Section Protocol.
Variables (P : finType) (M Sg : Type) (correct : {set P}) (sigma : P).
Variables (sign : M -> Sg) (verify : M -> Sg -> bool).
Hypothesis sign_ok : forall m, verify m (sign m).

Local Notation step := (apply sigma sign verify).

Lemma inv_extends_step n (c : Config P M Sg) (l : Label P M Sg) :
  gossip_inv correct verify c -> valid correct sigma c l ->
  gossip_inv correct verify (step n c l) /\ extends c (step n c l).
Proof.
move=> c_inv; case: l => [|m|i|src dst x] /=.
- by split=> //; exact: extends_refl.
- move=> _; have -> : dispatch n c sigma (m, sign m) =
                      handle verify n c sigma sigma (Gossip (m, sign m)) by rewrite /= sign_ok.
  by apply: (inv_extends_handle (c1 := c) n (t0 := 0)) => // r; left.
- move=> [[[[t s] d] x] [ci _]]; rewrite ci.
  apply: (inv_extends_handle n (t0 := t)) => //= [r|r|xS _].
  + by move=> rin; apply/(In_remove_nth _ ci); right.
  + by move/(In_remove_nth _ ci) => -[->|]; [right | left].
  + by rewrite -xS; exact: List.nth_error_In ci.
- move=> [srcN _]; apply: (inv_extends_handle (c1 := c) n (t0 := 0)) => // [r|]; first by left.
  by move=> _ srcC; rewrite srcC in srcN.
Qed.

Lemma recv_subscribe n (c : Config P M Sg) i t s q :
  List.nth_error (cf_pool c) i = Some (t, s, q, GossipSubscribe M Sg) ->
  s \in sample (step n c (LRecv P M Sg i)) q.
Proof. by move=> ci; rewrite /= ci sample_handle setU11. Qed.
(* Young's inequality in the form  A t <= B t^a + C(A, B), i.e. the
   Legendre transform of t |-> B t^a evaluated at A. *)
Lemma young_powR (a A t B : R) : 1 < a -> 0 <= A -> 0 <= t -> 0 < B ->
  A * t <= B * t `^ a +
    (a - 1) / a * A `^ (a / (a - 1)) * (a * B) `^ (- (1 / (a - 1))).
Proof.
move=> a1 A0 t0 B0.
have a0 : 0 < a := lt_trans ltr01 a1.
have am1 : 0 < a - 1 by rewrite subr_gt0.
set P := a * B; have P0 : 0 < P by rewrite mulr_gt0.
set s := P `^ (1 / a); have s0 : 0 < s by rewrite powR_gt0.
have q0 : 0 < a / (a - 1) by rewrite divr_gt0.
have conj_exp : a^-1 + (a / (a - 1))^-1 = 1 by field; rewrite !gt_eqF.
have := @conjugate_powR R (s * t) (A / s) a (a / (a - 1)).
move=> /(_ (mulr_ge0 (ltW s0) t0) (divr_ge0 A0 (ltW s0)) a0 q0 conj_exp).
have -> : s * t * (A / s) = A * t by field; rewrite gt_eqF.
move=> /le_trans; apply; apply: lerD.
  rewrite powRM ?(ltW s0) // -powRrM mul1r mulVf ?gt_eqF // powRr1 ?(ltW P0) //.
  by rewrite le_eqVlt; apply/orP; left; apply/eqP; rewrite /P; field; rewrite gt_eqF.
rewrite powRM ?invr_ge0 ?powR_ge0 // powRV ?powR_ge0 // -powRrM -powRN.
have -> : - (1 / a * (a / (a - 1))) = - (1 / (a - 1)) by field; rewrite !gt_eqF.
by rewrite le_eqVlt; apply/orP; left; apply/eqP; field; rewrite !gt_eqF.
Qed.

(* With B = a e^tau k u^a the Young remainder is bounded by the K2 density;
   the constant c_tilde exceeds the exact one by the factor 2^(1/(a-1)). *)
Lemma young_constant_le (a A u k tau : R) : 1 < a -> 0 <= A -> 0 < u -> 0 < k ->
  (a - 1) / a * A `^ (a / (a - 1)) *
    (a * (a * expR tau * k * u `^ a)) `^ (- (1 / (a - 1)))
  <= c_tilde a / k `^ (1 / (a - 1)) * expR (- tau / (a - 1)) *
     (A / u) `^ (a / (a - 1)).
Proof.
move=> a1 A0 u0 k0.
have a0 : 0 < a := lt_trans ltr01 a1.
have am1 : 0 < a - 1 by rewrite subr_gt0.
set r := 1 / (a - 1); have r0 : 0 <= r by rewrite divr_ge0 // ltW.
have -> : a / (a - 1) = a * r by rewrite mulrA mulr1.
have -> : - tau / (a - 1) = - (tau * r) by rewrite mulNr mulrA mulr1.
have -> : a * (a * expR tau * k * u `^ a) = a ^+ 2 * expR tau * k * u `^ a.
  by rewrite expr2 !mulrA.
rewrite /c_tilde -/r.
have := exprn_gt0 2 a0; move: (a ^+ 2) => a2 a2_0.
have E0 : 0 <= expR tau := expR_ge0 tau.
have denominator_pow : (a2 * expR tau * k * u `^ a) `^ r =
    a2 `^ r * expR (tau * r) * k `^ r * u `^ (a * r).
  have a2E0 : 0 <= a2 * expR tau by rewrite mulr_ge0 ?(ltW a2_0).
  have a2Ek0 : 0 <= a2 * expR tau * k by rewrite mulr_ge0 ?(ltW k0).
  rewrite (powRM _ a2Ek0 (powR_ge0 _ _)) (powRM _ a2E0 (ltW k0)).
  by rewrite (powRM _ (ltW a2_0) E0) -expRM -powRrM.
have const_pow : (2 / a2) `^ r = 2 `^ r / a2 `^ r.
  by rewrite powRM ?invr_ge0 ?(ltW a2_0) // powRV ?(ltW a2_0).
have ratio_pow : (A / u) `^ (a * r) = A `^ (a * r) / u `^ (a * r).
  by rewrite powRM ?invr_ge0 ?(ltW u0) // powRV ?(ltW u0).
have two_pow : 1 <= 2 `^ r by rewrite -[leLHS](powRr0 2) ler_powR ?ler1n.
rewrite powRN expRN denominator_pow const_pow ratio_pow.
have := powR_gt0 r a2_0; have := powR_gt0 r k0; have := powR_gt0 (a * r) u0.
have := expR_gt0 (tau * r).
move: (a2 `^ r) (k `^ r) (u `^ (a * r)) (expR (tau * r)) => Pa Pk Pu Pe Pe0 Pu0 Pk0 Pa0.
have -> : 2 `^ r / Pa * ((a - 1) / a) / Pk / Pe * (A `^ (a * r) / Pu) =
    2 `^ r * ((a - 1) / a * A `^ (a * r) / (Pa * Pe * Pk * Pu)).
  by field; rewrite !gt_eqF.
apply: ler_peMl two_pow; apply: divr_ge0; last by rewrite ltW // !mulr_gt0.
by rewrite mulr_ge0 ?powR_ge0 // divr_ge0 // ltW.
Qed.
Lemma long_R b : In b AR -> longb V b = true -> longb VR b = true \/ lost b = true.
Proof.
  intros HbR Lb. destruct (AR_sub b HbR) as [Hb Sec].
  destruct split_basic as (Hs & Hx2 & HxV).
  destruct HS as [NV NA HA HSp HE HAx HB].
  destruct (side_arrow_facts b Hb) as (Hsv & Hx1 & Hxn & Sp & Hsx & Hxs).
  assert (Lb' := Lb). apply longb_iff in Lb' as [L1 L2]. rewrite longb_iff, lost_iff.
  destruct b as [sg xi]. simpl in *.
  destruct (right_arrow_cases sg xi x Sec Hxs ltac:(lia) Sp Hsx)
    as [[C1 C2]|[[C1 C2]|[[C1 C2]|[[C1 C2]|[C1 C2]]]]]; clear Sec.
  - subst sg. left. split.
    + assert (Hne : (0,x) <> (0,xi)) by (apply pair_neq_snd; simpl; btw_lia).
      destruct (cnt_pos_inv V _ _ (HE _ _ Ha Hb Hne eq_refl)) as [w [Hw Bw]]. simpl in Bw.
      apply (cnt_restrict_two_new _ _ _ _ _ w); auto; [apply JR_iff; right| |]; btw_lia.
    + eapply Nat.le_trans; [exact L2|]. apply cnt_VR_mono. btw_lia.
  - left. split.
    + eapply Nat.le_trans; [exact L1|]. apply cnt_VR_mono. btw_lia.
    + apply (cnt_restrict_two_new _ _ _ _ _ 0); auto; btw_lia.
  - left. split.
    + apply (cnt_restrict_two_new _ _ _ _ _ 0); auto; btw_lia.
    + eapply Nat.le_trans; [exact L2|]. apply cnt_VR_mono. btw_lia.
  - subst xi. left. split.
    + apply (cnt_restrict_two_new _ _ _ _ _ 0); auto; btw_lia.
    + eapply Nat.le_trans; [exact L2|]. apply cnt_VR_mono. btw_lia.
  - (* b crosses (0, x); it is lost unless a vertex lies between its source and 0 *)
    assert (Hi : inter (0,x) (sg,xi)) by (right; right; simpl; auto).
    assert (Hne : (0,x) <> (sg,xi)) by (apply pair_neq_fst; simpl; btw_lia).
    destruct (HAx _ _ Ha Hb Hne Hi) as [K1 _]. simpl in K1.
    destruct (cnt_pos_inv V _ _ K1) as [w [Hw Bw]].
    destruct (Nat.eq_dec (cnt V sg 0) 0) as [E|E]; [right; auto|left].
    destruct (cnt_pos_inv V sg 0 ltac:(lia)) as [w' [Hw' Bw']].
    split.
    + apply (cnt_restrict_two _ _ _ _ _ 0 w'); auto; try (apply JR_iff; right); btw_lia.
    + apply (cnt_restrict_two_new _ _ _ _ _ w); auto; [apply JR_iff; right| |]; btw_lia.
Qed.

(* At most one arrow is lost: two of them would start at the vertex preceding 0
   and both cross (0, x). *)
Lemma lost_le1 : length (filter lost AR) <= 1.
Proof.
  destruct split_basic as (Hs & Hx2 & HxV). destruct HS as [NV NA HA HSp HE HAx HB].
  apply length_le1.
  - apply NoDup_filter. apply NoDup_filter. auto.
  - intros b c Hb Hc. apply filter_In in Hb as [Hb Lb]. apply filter_In in Hc as [Hc Lc].
    apply AR_sub in Hb as [Hb _]. apply AR_sub in Hc as [Hc _].
    apply lost_iff in Lb as (Cb & Rb & Xb). apply lost_iff in Lc as (Cc & Rc & Xc).
    destruct (classic (b = c)) as [|Hne]; auto. exfalso.
    assert (Hf : fst b = fst c) by (apply (prev_uniq V 0); try apply HA; auto; btw_lia).
    apply (HB (0,x) b c Ha Hb Hc); auto.
    + apply pair_neq_fst; simpl; btw_lia.
    + apply pair_neq_fst; simpl; btw_lia.
    + right; right; simpl; auto.
    + right; right; simpl; auto.
Qed.

Lemma split_cover b : In b A -> b = (0,x) \/ inL b = true \/ inR b = true.
Proof.
  intros Hb. destruct split_basic as (Hs & Hx2 & HxV).
  destruct (side_arrow_facts b Hb) as (Hsv & Hx1 & Hxn & _ & Hsx & Hxs).
  unfold inL, inR. rewrite !orb_true_iff, !andb_true_iff, !Nat.eqb_eq, !btwb_iff.
  destruct (Nat.eq_dec (fst b) 0) as [E|E].
  - assert (snd b <> 0) by (intro Q; apply Hxn; rewrite Q; auto).
    destruct (Nat.eq_dec (snd b) x) as [Q|Q].
    + left. destruct b; simpl in *; subst; auto.
    + right. rewrite E. btw_lia.
  - right. btw_lia.
Qed.
(* Let $n\ge2$, $l\ge1$, $\mathfrak g=C^{(1)}_n$, $B$ the level-$l$ perfect crystal of the context, $\lambda=l\Lambda_0$, $d=2n$, and $i^{(j)}_a=a-1$ for $1\le a\le n+1$, $i^{(j)}_a=2n+1-a$ for $n+2\le a\le 2n$ (all $j\ge1$). Then: (II) $B^{(j)}_d=B$ for all $j\ge1$; (III) $\langle\lambda_j,h_{i^{(j)}_a}\rangle\le\varepsilon_{i^{(j)}_a}(b)$ for all $j\ge1$, $1\le a\le d$, $b\in B^{(j)}_{a-1}$; (IV') for all $j\ge1$, $a=1,\dots,d$: $\varepsilon_{i^{(j)}_{a+1}}(b^{(j)}_a)=0$, $\varphi_{i^{(j)}_{a+1}}(b^{(j)}_a)>0$ (with $i^{(j)}_{d+1}:=i^{(j+1)}_1$), and $b^{(j+1)}_0=\tilde f_{i^{(j+1)}_1}^mb^{(j)}_d$ with $m=\langle\lambda_{j+1},h_{i^{(j+1)}_1}\rangle$. Moreover $B^{(j)}_0=\{(0,\dots,0)\}$, $B^{(j)}_{2n}=B$; for $1\le a\le n$, $B^{(j)}_a$ is the set of $b\in B$ with all coordinates $0$ except possibly $x_1,\dots,x_a$; for $1\le a\le n-1$, $B^{(j)}_{n+a}$ is the set of $b\in B$ with all coordinates $0$ except possibly $x_1,\dots,x_n,\bar x_n,\dots,\bar x_{n-a+1}$. Also $b^{(j)}_0=(0,\dots,0)$, and for $1\le a\le n$, $b^{(j)}_a$ has $x_a=2l$ and $b^{(j)}_{n+a}$ has $\bar x_{n-a+1}=2l$, all other coordinates $0$.
   Context: $(x)_+=\max(x,0)$. $B=\{(x_1,\dots,x_n,\bar x_n,\dots,\bar x_1)\in\mathbb Z^{2n}: x_i,\bar x_i\ge0,\ \sum_{i=1}^n(x_i+\bar x_i)\le 2l,\ \sum_{i=1}^n(x_i+\bar x_i)\in2\mathbb Z\}$. Crystal structure: $\tilde f_0b=(x_1+2,x_2,\dots,\bar x_2,\bar x_1)$ if $x_1\ge\bar x_1$, $(x_1+1,x_2,\dots,\bar x_2,\bar x_1-1)$ if $x_1=\bar x_1-1$, $(x_1,x_2,\dots,\bar x_2,\bar x_1-2)$ if $x_1\le\bar x_1-2$; for $1\le i\le n-1$, $\tilde f_ib$ replaces $(x_i,x_{i+1})$ by $(x_i-1,x_{i+1}+1)$ if $x_{i+1}\ge\bar x_{i+1}$, and $(\bar x_{i+1},\bar x_i)$ by $(\bar x_{i+1}-1,\bar x_i+1)$ if $x_{i+1}<\bar x_{i+1}$; $\tilde f_nb$ replaces $(x_n,\bar x_n)$ by $(x_n-1,\bar x_n+1)$; $\tilde e_ib=b'$ iff $\tilde f_ib'=b$; results outside $B$ mean $0$. With $s(b)=\sum_{i=1}^n(x_i+\bar x_i)$: $\varphi_0(b)=l-\tfrac12s(b)+(\bar x_1-x_1)_+$, $\varepsilon_0(b)=l-\tfrac12 s(b)+(x_1-\bar x_1)_+$; $\varphi_i(b)=x_i+(\bar x_{i+1}-x_{i+1})_+$, $\varepsilon_i(b)=\bar x_i+(x_{i+1}-\bar x_{i+1})_+$ ($1\le i\le n-1$); $\varphi_n(b)=x_n$, $\varepsilon_n(b)=\bar x_n$. For $\lambda=l\Lambda_0$: $\lambda_j=l\Lambda_0$ and $\overline b_j=(0,\dots,0)$ for all $j$; $\langle\lambda_j,h_i\rangle$ is the coefficient of $\Lambda_i$ in $\lambda_j$. Given $d$, $i^{(j)}_a$: $B^{(j)}_0=\{\overline b_j\}$, $B^{(j)}_a=\bigcup_{n\ge0}\tilde f_{i^{(j)}_a}^nB^{(j)}_{a-1}\setminus\{0\}$; $b^{(j)}_0=\overline b_j$, $b^{(j)}_a=\tilde f_{i^{(j)}_a}^{\varphi_{i^{(j)}_a}(b^{(j)}_{a-1})}b^{(j)}_{a-1}$. *)

From mathcomp Require Import all_boot all_order all_algebra.
Set Implicit Arguments. Unset Strict Implicit. Unset Printing Implicit Defensive.
Import Order.TTheory GRing.Theory Num.Theory.
Local Open Scope ring_scope.

(* An element (x_1..x_n, xbar_n..xbar_1) is encoded as the pair
   (x, xb) with x`_(i-1) = x_i and xb`_(i-1) = xbar_i. *)
Definition vec := (seq int * seq int)%type.

Definition getx (b : vec) (i : nat) : int := nth 0 b.1 i.-1.
Definition getxb (b : vec) (i : nat) : int := nth 0 b.2 i.-1.
Definition upd1 (s : seq int) (i : nat) (v : int) : seq int := set_nth 0 s i.-1 v.

Definition ssum (b : vec) : int := \sum_(v <- b.1 ++ b.2) v.

Definition inB (n l : nat) (b : vec) : bool :=
  [&& size b.1 == n, size b.2 == n, all (fun v : int => 0 <= v) (b.1 ++ b.2),
      ssum b <= 2 * (l%:Z) & ~~ odd (absz (ssum b))].

Definition zerov (n : nat) : vec := (nseq n 0, nseq n 0).

Definition pos (x : int) : int := Num.max x 0.

(* raw action of f_i (before checking the result lies in B) *)
Definition f_raw (n : nat) (i : nat) (b : vec) : vec :=
  if i == 0%N then
    let x1 := getx b 1 in let y1 := getxb b 1 in
    if y1 <= x1 then (upd1 b.1 1 (x1 + 2), b.2)
    else if x1 == y1 - 1 then (upd1 b.1 1 (x1 + 1), upd1 b.2 1 (y1 - 1))
    else (b.1, upd1 b.2 1 (y1 - 2))
  else if (i < n)%N then
    if getxb b i.+1 <= getx b i.+1 then
      (upd1 (upd1 b.1 i (getx b i - 1)) i.+1 (getx b i.+1 + 1), b.2)
    else (b.1, upd1 (upd1 b.2 i.+1 (getxb b i.+1 - 1)) i (getxb b i + 1))
  else (upd1 b.1 n (getx b n - 1), upd1 b.2 n (getxb b n + 1)).

(* Kashiwara operator f_i; None stands for 0 *)
Definition fcr (n l : nat) (i : nat) (b : vec) : option vec :=
  let b' := f_raw n i b in
  if (i <= n)%N && inB n l b' then Some b' else None.

Definition iterf (n l i k : nat) (b : vec) : option vec :=
  iter k (obind (fcr n l i)) (Some b).

Definition eps (n l : nat) (i : nat) (b : vec) : int :=
  if i == 0%N then l%:Z - (ssum b %/ 2)%Z + pos (getx b 1 - getxb b 1)
  else if (i < n)%N then getxb b i + pos (getx b i.+1 - getxb b i.+1)
  else getxb b n.

Definition phi (n l : nat) (i : nat) (b : vec) : int :=
  if i == 0%N then l%:Z - (ssum b %/ 2)%Z + pos (getxb b 1 - getx b 1)
  else if (i < n)%N then getx b i + pos (getxb b i.+1 - getx b i.+1)
  else getx b n.

(* <lambda_j, h_i> for lambda_j = l Lambda_0 *)
Definition lam_h (l j i : nat) : nat := if i == 0%N then l else 0%N.

Definition idx (n j a : nat) : nat := if (a <= n.+1)%N then a.-1 else ((2 * n).+1 - a)%N.

Fixpoint Bset (n l j a : nat) : vec -> Prop :=
  match a with
  | 0 => fun b => b = zerov n
  | a'.+1 => fun b => exists b0 k, Bset n l j a' b0 /\ iterf n l (idx n j a) k b0 = Some b
  end.

Fixpoint bseqc (n l j a : nat) : option vec :=
  match a with
  | 0 => Some (zerov n)
  | a'.+1 => obind (fun b => iterf n l (idx n j a) (absz (phi n l (idx n j a) b)) b)
                   (bseqc n l j a')
  end.

(** Each operator of the string f_0, f_1, ..., f_n, f_(n-1), ..., f_1 only shifts mass
    between neighbouring coordinates: f_0 adds 2 to x_1 (while x_1 >= xbar_1), f_i moves a
    unit from x_i to x_(i+1) or from xbar_(i+1) to xbar_i, and f_n from x_n to xbar_n.  So
    B_a is B_(a-1) with one more coordinate freed: an element using the new coordinate is
    reached by f_i from the element of B_(a-1) in which that mass has been collected into
    the neighbouring coordinate.  Applied maximally to b_(a-1), f_i moves all of its mass
    2l one coordinate further, so the b_a are the vectors 2l e_a, at which eps and phi of
    the next operator are 0 and 2l. *)

From mathcomp Require Import all_boot all_order all_algebra zify.
Import Order.TTheory GRing.Theory Num.Theory.
Local Open Scope ring_scope.
Set Implicit Arguments.
Unset Strict Implicit.

Ltac coord_cases := rewrite /=; repeat (case: eqP => ?; subst); lia.

Section Coordinates.

Variable n : nat.

(* The element with 1-indexed coordinate functions [X] and [Y]; only their values on
   [1..n] matter. *)
Definition mkvec (X Y : nat -> int) : vec :=
  (mkseq (X \o succn) n, mkseq (Y \o succn) n).

Lemma getx_mkvec X Y k : (1 <= k <= n)%N -> getx (mkvec X Y) k = X k.
Proof. by case: k => // k /= hk; rewrite /getx nth_mkseq. Qed.

Lemma getxb_mkvec X Y k : (1 <= k <= n)%N -> getxb (mkvec X Y) k = Y k.
Proof. by case: k => // k /= hk; rewrite /getxb nth_mkseq. Qed.

Lemma eq_mkvec X Y X' Y' :
  (forall k, (1 <= k <= n)%N -> X k = X' k) ->
  (forall k, (1 <= k <= n)%N -> Y k = Y' k) -> mkvec X Y = mkvec X' Y'.
Proof.
move=> eqX eqY; congr pair; apply/eq_in_map => k; rewrite mem_iota /= => hk.
  exact: eqX.
exact: eqY.
Qed.

Lemma mkseq0 : mkseq ((fun=> 0) \o succn) n = nseq n (0 : int).
Proof.
by apply: (@eq_from_nth _ 0); rewrite ?size_nseq ?size_mkseq // => k hk;
  rewrite nth_nseq nth_mkseq ?hk.
Qed.

Lemma zerov_mkvec : zerov n = mkvec (fun=> 0) (fun=> 0).
Proof. by rewrite /mkvec mkseq0. Qed.

Lemma upd1_mkseq (X : nat -> int) i v : (1 <= i <= n)%N ->
  upd1 (mkseq (X \o succn) n) i v = mkseq ([eta X with i |-> v] \o succn) n.
Proof.
case: i => // i hi; apply: (@eq_from_nth _ 0); rewrite /upd1 size_set_nth !size_mkseq.
  lia.
move=> k hk; have {}hk : (k < n)%N by lia.
by rewrite nth_set_nth /= !nth_mkseq.
Qed.

Lemma ssum_mkvec X Y :
  ssum (mkvec X Y) = \sum_(1 <= k < n.+1) X k + \sum_(1 <= k < n.+1) Y k.
Proof. by rewrite /ssum big_cat /= !big_map !big_add1 /index_iota !subn0. Qed.

Lemma sum_eta_update (F : nat -> int) i v : (1 <= i <= n)%N ->
  \sum_(1 <= k < n.+1) [eta F with i |-> v] k = \sum_(1 <= k < n.+1) F k + (v - F i).
Proof.
move=> hi; have -> : v - F i = \sum_(1 <= k < n.+1 | k == i) (v - F i).
  by rewrite big_nat1_eq ltnS hi.
rewrite [X in _ + X]big_mkcond -big_split /=; apply: eq_bigr => k _; case: eqP => [->|_]; lia.
Qed.

Lemma ssum_mkvec_updx X Y i v : (1 <= i <= n)%N ->
  ssum (mkvec [eta X with i |-> v] Y) = ssum (mkvec X Y) + (v - X i).
Proof. by move=> hi; rewrite !ssum_mkvec sum_eta_update // addrAC addrA. Qed.

Lemma ssum_mkvec_updxb X Y i v : (1 <= i <= n)%N ->
  ssum (mkvec X [eta Y with i |-> v]) = ssum (mkvec X Y) + (v - Y i).
Proof. by move=> hi; rewrite !ssum_mkvec sum_eta_update // addrA. Qed.

Lemma ssum_zerov : ssum (zerov n) = 0.
Proof. by rewrite zerov_mkvec ssum_mkvec !big1_eq. Qed.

> [Problem statement]: Your answer should be the lines of the listing above between the line holding "(bseqc n l j a')" and the line holding "(forall k, (1 <= k <= n)%N -> Y", inclusive, restated word for word and alone.

> [Answer]:
                   (bseqc n l j a')
  end.

(** Each operator of the string f_0, f_1, ..., f_n, f_(n-1), ..., f_1 only shifts mass
    between neighbouring coordinates: f_0 adds 2 to x_1 (while x_1 >= xbar_1), f_i moves a
    unit from x_i to x_(i+1) or from xbar_(i+1) to xbar_i, and f_n from x_n to xbar_n.  So
    B_a is B_(a-1) with one more coordinate freed: an element using the new coordinate is
    reached by f_i from the element of B_(a-1) in which that mass has been collected into
    the neighbouring coordinate.  Applied maximally to b_(a-1), f_i moves all of its mass
    2l one coordinate further, so the b_a are the vectors 2l e_a, at which eps and phi of
    the next operator are 0 and 2l. *)

From mathcomp Require Import all_boot all_order all_algebra zify.
Import Order.TTheory GRing.Theory Num.Theory.
Local Open Scope ring_scope.
Set Implicit Arguments.
Unset Strict Implicit.

Ltac coord_cases := rewrite /=; repeat (case: eqP => ?; subst); lia.

Section Coordinates.

Variable n : nat.

(* The element with 1-indexed coordinate functions [X] and [Y]; only their values on
   [1..n] matter. *)
Definition mkvec (X Y : nat -> int) : vec :=
  (mkseq (X \o succn) n, mkseq (Y \o succn) n).

Lemma getx_mkvec X Y k : (1 <= k <= n)%N -> getx (mkvec X Y) k = X k.
Proof. by case: k => // k /= hk; rewrite /getx nth_mkseq. Qed.

Lemma getxb_mkvec X Y k : (1 <= k <= n)%N -> getxb (mkvec X Y) k = Y k.
Proof. by case: k => // k /= hk; rewrite /getxb nth_mkseq. Qed.

Lemma eq_mkvec X Y X' Y' :
  (forall k, (1 <= k <= n)%N -> X k = X' k) ->
  (forall k, (1 <= k <= n)%N -> Y k = Y' k) -> mkvec X Y = mkvec X' Y'.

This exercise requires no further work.